START RECORDS PROVIDED
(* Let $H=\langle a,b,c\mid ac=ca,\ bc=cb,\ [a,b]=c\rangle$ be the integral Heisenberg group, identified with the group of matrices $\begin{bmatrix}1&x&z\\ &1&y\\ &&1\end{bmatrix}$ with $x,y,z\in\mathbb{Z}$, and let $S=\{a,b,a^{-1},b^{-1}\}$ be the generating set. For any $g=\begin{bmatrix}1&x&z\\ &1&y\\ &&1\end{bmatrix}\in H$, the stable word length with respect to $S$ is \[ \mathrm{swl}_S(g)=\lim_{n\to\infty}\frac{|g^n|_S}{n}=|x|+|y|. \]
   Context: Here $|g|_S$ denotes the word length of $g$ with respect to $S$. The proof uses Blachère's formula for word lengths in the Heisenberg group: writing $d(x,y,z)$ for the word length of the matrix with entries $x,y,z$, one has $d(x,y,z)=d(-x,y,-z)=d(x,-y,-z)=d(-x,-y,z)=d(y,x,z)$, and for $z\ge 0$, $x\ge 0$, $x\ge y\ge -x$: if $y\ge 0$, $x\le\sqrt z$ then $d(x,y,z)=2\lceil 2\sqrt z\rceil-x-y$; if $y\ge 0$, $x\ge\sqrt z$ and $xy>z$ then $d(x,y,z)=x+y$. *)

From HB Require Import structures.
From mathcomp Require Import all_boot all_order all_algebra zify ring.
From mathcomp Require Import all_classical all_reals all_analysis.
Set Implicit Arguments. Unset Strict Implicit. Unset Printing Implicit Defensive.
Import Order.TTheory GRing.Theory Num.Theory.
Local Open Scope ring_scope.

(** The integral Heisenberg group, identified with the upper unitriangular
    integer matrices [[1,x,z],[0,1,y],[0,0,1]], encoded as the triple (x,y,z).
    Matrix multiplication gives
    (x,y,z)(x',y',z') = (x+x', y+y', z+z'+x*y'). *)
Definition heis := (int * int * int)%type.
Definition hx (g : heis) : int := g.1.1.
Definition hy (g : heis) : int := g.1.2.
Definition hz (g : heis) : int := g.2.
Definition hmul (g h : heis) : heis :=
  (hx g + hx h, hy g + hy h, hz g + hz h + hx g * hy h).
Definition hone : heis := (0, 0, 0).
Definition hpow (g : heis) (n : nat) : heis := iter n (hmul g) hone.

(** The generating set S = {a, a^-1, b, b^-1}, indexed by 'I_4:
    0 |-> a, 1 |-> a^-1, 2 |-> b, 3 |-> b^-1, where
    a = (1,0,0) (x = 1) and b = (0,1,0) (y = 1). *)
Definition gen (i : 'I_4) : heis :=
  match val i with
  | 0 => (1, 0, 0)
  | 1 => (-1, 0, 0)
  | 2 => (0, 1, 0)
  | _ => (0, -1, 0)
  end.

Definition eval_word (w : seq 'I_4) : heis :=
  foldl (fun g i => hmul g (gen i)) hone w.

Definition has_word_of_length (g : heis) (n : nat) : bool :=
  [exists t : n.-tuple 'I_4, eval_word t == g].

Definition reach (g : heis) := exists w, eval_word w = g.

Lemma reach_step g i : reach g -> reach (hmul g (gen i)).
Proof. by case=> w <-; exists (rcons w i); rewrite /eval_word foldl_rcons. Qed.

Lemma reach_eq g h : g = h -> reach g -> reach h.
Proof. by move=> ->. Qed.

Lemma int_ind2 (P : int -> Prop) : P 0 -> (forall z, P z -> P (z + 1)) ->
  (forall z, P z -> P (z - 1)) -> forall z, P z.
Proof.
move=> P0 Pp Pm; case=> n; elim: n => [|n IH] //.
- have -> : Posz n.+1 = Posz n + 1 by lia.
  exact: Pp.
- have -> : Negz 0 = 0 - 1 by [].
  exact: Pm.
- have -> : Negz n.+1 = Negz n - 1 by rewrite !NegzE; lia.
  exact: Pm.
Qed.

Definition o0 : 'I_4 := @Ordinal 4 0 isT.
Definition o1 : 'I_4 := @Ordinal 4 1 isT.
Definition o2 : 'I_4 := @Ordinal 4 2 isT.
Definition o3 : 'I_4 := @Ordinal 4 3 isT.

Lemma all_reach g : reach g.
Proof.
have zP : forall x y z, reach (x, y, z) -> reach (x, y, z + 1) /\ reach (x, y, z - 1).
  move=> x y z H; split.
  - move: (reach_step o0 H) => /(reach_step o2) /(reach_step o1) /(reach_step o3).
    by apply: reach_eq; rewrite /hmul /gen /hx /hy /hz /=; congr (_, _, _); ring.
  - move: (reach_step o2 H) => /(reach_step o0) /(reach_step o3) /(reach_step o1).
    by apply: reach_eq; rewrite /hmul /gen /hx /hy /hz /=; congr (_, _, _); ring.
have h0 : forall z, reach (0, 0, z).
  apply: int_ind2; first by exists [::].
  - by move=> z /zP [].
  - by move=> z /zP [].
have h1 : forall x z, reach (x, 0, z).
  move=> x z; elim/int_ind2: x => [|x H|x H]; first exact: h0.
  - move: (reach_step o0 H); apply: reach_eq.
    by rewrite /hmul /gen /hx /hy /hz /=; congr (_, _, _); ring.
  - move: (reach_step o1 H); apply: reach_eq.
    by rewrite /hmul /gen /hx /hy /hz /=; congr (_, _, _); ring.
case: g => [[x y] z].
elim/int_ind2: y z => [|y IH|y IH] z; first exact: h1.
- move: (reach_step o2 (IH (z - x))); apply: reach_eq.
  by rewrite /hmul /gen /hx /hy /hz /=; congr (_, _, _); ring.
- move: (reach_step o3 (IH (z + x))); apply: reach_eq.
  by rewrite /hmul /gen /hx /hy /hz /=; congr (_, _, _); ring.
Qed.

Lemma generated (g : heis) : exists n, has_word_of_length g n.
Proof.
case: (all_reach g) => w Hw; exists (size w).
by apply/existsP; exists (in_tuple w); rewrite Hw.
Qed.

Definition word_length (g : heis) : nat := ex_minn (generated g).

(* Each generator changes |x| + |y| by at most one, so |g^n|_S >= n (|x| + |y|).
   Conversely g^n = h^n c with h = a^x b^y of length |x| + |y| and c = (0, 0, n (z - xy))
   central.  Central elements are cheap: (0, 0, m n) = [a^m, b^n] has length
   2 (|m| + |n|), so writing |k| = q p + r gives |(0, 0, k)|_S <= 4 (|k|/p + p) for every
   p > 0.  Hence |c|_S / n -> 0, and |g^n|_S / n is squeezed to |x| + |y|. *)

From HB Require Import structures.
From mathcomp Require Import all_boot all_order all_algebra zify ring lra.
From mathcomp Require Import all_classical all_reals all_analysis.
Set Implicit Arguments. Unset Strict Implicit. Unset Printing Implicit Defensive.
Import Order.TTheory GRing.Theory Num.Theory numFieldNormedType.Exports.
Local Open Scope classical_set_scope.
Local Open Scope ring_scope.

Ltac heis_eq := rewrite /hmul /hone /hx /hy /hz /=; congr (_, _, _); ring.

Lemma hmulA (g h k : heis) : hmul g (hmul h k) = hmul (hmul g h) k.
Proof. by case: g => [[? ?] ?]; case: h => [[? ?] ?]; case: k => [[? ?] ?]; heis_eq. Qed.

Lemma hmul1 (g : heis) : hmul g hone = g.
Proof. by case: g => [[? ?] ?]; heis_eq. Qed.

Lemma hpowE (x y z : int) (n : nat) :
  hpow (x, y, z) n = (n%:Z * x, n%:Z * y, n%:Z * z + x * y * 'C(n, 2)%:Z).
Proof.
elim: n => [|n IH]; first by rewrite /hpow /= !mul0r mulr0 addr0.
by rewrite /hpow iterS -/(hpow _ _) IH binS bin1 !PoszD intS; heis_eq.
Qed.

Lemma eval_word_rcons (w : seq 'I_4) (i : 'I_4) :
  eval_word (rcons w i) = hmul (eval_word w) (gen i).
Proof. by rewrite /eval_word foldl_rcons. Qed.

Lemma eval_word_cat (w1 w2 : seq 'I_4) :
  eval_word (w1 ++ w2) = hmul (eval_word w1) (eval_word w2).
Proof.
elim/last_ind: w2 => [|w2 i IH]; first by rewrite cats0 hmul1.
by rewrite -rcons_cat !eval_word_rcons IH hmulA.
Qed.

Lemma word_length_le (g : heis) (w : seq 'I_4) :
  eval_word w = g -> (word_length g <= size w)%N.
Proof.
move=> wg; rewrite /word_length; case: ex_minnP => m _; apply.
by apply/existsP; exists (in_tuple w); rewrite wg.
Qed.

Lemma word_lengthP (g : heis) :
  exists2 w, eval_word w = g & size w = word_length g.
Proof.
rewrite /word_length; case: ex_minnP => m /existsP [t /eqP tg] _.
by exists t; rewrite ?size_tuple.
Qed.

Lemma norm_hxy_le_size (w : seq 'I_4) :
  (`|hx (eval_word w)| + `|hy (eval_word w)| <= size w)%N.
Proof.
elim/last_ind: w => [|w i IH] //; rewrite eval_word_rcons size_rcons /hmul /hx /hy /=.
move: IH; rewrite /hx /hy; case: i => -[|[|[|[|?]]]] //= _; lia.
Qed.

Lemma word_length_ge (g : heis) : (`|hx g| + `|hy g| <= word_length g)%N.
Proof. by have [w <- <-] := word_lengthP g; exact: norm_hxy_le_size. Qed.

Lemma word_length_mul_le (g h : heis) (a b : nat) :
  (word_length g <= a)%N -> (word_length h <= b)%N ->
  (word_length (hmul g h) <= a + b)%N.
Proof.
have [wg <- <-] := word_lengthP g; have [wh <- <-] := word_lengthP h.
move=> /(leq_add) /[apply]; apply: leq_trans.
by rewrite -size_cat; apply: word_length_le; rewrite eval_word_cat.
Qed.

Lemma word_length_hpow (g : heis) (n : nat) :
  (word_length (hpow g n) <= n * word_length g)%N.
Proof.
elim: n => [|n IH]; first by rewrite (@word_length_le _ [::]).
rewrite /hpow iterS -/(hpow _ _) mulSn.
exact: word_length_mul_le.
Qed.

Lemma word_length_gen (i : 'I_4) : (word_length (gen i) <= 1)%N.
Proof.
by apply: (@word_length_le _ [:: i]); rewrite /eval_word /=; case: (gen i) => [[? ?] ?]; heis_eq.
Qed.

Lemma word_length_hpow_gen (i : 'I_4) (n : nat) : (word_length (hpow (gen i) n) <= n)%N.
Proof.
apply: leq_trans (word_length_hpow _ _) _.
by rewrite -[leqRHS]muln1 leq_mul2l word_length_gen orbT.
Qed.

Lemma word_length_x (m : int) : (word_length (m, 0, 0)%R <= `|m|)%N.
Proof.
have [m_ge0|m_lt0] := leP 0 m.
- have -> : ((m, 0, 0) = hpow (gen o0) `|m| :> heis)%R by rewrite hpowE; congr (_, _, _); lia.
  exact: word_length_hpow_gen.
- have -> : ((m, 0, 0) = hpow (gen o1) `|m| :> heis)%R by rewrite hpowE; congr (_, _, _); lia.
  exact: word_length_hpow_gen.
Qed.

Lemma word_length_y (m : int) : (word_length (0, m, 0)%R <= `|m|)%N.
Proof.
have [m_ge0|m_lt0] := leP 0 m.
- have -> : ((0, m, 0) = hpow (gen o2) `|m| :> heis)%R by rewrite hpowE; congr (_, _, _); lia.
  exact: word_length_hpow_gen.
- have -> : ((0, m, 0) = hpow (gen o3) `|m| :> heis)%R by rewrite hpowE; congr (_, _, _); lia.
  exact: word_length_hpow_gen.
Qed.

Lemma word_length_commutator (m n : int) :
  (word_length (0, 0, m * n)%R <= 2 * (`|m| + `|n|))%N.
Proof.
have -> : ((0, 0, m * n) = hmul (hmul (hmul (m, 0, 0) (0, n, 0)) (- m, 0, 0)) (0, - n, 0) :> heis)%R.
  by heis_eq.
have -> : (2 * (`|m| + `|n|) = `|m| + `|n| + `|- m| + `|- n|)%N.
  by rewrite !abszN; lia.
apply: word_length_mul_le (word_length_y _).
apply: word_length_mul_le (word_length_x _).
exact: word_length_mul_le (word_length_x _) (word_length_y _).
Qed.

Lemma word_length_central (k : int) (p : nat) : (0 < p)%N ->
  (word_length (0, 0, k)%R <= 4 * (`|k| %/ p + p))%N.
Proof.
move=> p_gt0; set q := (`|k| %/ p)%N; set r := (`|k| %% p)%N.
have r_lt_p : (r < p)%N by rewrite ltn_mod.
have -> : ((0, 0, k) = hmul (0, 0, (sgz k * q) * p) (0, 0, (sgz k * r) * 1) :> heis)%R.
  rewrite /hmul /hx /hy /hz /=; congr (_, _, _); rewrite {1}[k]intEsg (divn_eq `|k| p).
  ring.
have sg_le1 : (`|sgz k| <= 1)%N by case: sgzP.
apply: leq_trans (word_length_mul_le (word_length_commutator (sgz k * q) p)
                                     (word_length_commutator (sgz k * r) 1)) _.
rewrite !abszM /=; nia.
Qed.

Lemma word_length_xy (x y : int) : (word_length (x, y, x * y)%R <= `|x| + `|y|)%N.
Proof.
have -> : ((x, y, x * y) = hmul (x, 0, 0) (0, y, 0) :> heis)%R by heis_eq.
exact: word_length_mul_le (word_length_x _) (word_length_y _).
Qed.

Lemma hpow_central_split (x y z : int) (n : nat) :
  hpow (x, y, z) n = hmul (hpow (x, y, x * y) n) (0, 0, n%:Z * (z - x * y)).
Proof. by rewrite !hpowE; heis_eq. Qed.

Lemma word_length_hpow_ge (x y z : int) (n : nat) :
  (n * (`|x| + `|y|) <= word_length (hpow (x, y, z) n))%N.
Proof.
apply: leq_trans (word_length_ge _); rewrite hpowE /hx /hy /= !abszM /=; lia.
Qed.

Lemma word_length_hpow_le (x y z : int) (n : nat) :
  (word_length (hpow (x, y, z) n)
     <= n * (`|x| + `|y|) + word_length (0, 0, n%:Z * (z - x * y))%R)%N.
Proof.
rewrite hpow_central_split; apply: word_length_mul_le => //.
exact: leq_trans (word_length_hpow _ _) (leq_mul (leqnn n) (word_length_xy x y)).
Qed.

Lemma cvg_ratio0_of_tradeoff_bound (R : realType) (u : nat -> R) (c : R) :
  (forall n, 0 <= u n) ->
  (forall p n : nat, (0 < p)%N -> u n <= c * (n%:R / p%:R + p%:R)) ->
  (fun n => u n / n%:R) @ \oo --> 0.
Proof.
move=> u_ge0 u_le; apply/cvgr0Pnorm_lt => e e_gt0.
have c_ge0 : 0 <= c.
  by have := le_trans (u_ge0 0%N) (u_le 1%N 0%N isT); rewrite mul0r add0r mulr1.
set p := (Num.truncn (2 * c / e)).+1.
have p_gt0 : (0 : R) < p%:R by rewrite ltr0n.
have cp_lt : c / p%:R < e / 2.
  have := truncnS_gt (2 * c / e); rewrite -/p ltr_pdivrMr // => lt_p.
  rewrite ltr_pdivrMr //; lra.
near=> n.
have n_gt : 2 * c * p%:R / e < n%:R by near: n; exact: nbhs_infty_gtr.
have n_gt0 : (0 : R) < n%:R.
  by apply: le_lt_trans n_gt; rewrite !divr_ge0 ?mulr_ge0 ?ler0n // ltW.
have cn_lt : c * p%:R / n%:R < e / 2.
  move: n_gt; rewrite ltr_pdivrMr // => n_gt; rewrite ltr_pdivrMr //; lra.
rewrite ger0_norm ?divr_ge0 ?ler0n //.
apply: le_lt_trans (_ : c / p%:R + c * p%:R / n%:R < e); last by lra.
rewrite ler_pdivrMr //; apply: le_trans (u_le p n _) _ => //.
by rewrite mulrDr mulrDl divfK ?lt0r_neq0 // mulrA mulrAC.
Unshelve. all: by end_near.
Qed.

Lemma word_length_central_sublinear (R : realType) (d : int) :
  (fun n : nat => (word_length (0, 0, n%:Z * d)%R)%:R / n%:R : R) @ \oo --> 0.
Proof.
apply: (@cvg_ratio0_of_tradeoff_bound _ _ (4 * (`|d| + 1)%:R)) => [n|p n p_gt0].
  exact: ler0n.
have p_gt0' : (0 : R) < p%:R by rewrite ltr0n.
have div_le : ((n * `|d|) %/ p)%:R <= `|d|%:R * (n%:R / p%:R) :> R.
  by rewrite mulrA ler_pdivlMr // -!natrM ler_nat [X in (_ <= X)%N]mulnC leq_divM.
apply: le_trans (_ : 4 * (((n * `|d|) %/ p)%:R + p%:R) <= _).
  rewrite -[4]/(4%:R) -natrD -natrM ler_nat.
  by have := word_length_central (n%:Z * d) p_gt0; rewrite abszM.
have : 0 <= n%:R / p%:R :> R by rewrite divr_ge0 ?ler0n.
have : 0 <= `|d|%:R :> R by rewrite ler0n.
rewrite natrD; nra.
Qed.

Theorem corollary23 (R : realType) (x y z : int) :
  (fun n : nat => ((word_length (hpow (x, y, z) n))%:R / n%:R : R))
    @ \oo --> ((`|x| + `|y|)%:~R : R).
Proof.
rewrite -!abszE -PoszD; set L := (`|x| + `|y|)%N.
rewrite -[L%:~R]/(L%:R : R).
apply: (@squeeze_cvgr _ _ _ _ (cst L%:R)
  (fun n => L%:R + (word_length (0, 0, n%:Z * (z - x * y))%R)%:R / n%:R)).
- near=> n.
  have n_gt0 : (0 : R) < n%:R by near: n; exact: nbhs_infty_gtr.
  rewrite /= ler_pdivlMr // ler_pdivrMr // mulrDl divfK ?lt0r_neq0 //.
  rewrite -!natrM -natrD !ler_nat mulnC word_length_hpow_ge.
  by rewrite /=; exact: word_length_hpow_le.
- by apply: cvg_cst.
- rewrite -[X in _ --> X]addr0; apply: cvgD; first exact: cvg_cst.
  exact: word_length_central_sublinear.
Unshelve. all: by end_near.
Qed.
END RECORDS PROVIDED
Which lines belong in the answer? Exactly those from the first line of the entries through the line holding "(** The generating", inclusive, copied unchanged.

WRITTEN RESPONSE —
(* Let $H=\langle a,b,c\mid ac=ca,\ bc=cb,\ [a,b]=c\rangle$ be the integral Heisenberg group, identified with the group of matrices $\begin{bmatrix}1&x&z\\ &1&y\\ &&1\end{bmatrix}$ with $x,y,z\in\mathbb{Z}$, and let $S=\{a,b,a^{-1},b^{-1}\}$ be the generating set. For any $g=\begin{bmatrix}1&x&z\\ &1&y\\ &&1\end{bmatrix}\in H$, the stable word length with respect to $S$ is \[ \mathrm{swl}_S(g)=\lim_{n\to\infty}\frac{|g^n|_S}{n}=|x|+|y|. \]
   Context: Here $|g|_S$ denotes the word length of $g$ with respect to $S$. The proof uses Blachère's formula for word lengths in the Heisenberg group: writing $d(x,y,z)$ for the word length of the matrix with entries $x,y,z$, one has $d(x,y,z)=d(-x,y,-z)=d(x,-y,-z)=d(-x,-y,z)=d(y,x,z)$, and for $z\ge 0$, $x\ge 0$, $x\ge y\ge -x$: if $y\ge 0$, $x\le\sqrt z$ then $d(x,y,z)=2\lceil 2\sqrt z\rceil-x-y$; if $y\ge 0$, $x\ge\sqrt z$ and $xy>z$ then $d(x,y,z)=x+y$. *)

From HB Require Import structures.
From mathcomp Require Import all_boot all_order all_algebra zify ring.
From mathcomp Require Import all_classical all_reals all_analysis.
Set Implicit Arguments. Unset Strict Implicit. Unset Printing Implicit Defensive.
Import Order.TTheory GRing.Theory Num.Theory.
Local Open Scope ring_scope.

(** The integral Heisenberg group, identified with the upper unitriangular
    integer matrices [[1,x,z],[0,1,y],[0,0,1]], encoded as the triple (x,y,z).
    Matrix multiplication gives
    (x,y,z)(x',y',z') = (x+x', y+y', z+z'+x*y'). *)
Definition heis := (int * int * int)%type.
Definition hx (g : heis) : int := g.1.1.
Definition hy (g : heis) : int := g.1.2.
Definition hz (g : heis) : int := g.2.
Definition hmul (g h : heis) : heis :=
  (hx g + hx h, hy g + hy h, hz g + hz h + hx g * hy h).
Definition hone : heis := (0, 0, 0).
Definition hpow (g : heis) (n : nat) : heis := iter n (hmul g) hone.

(** The generating set S = {a, a^-1, b, b^-1}, indexed by 'I_4:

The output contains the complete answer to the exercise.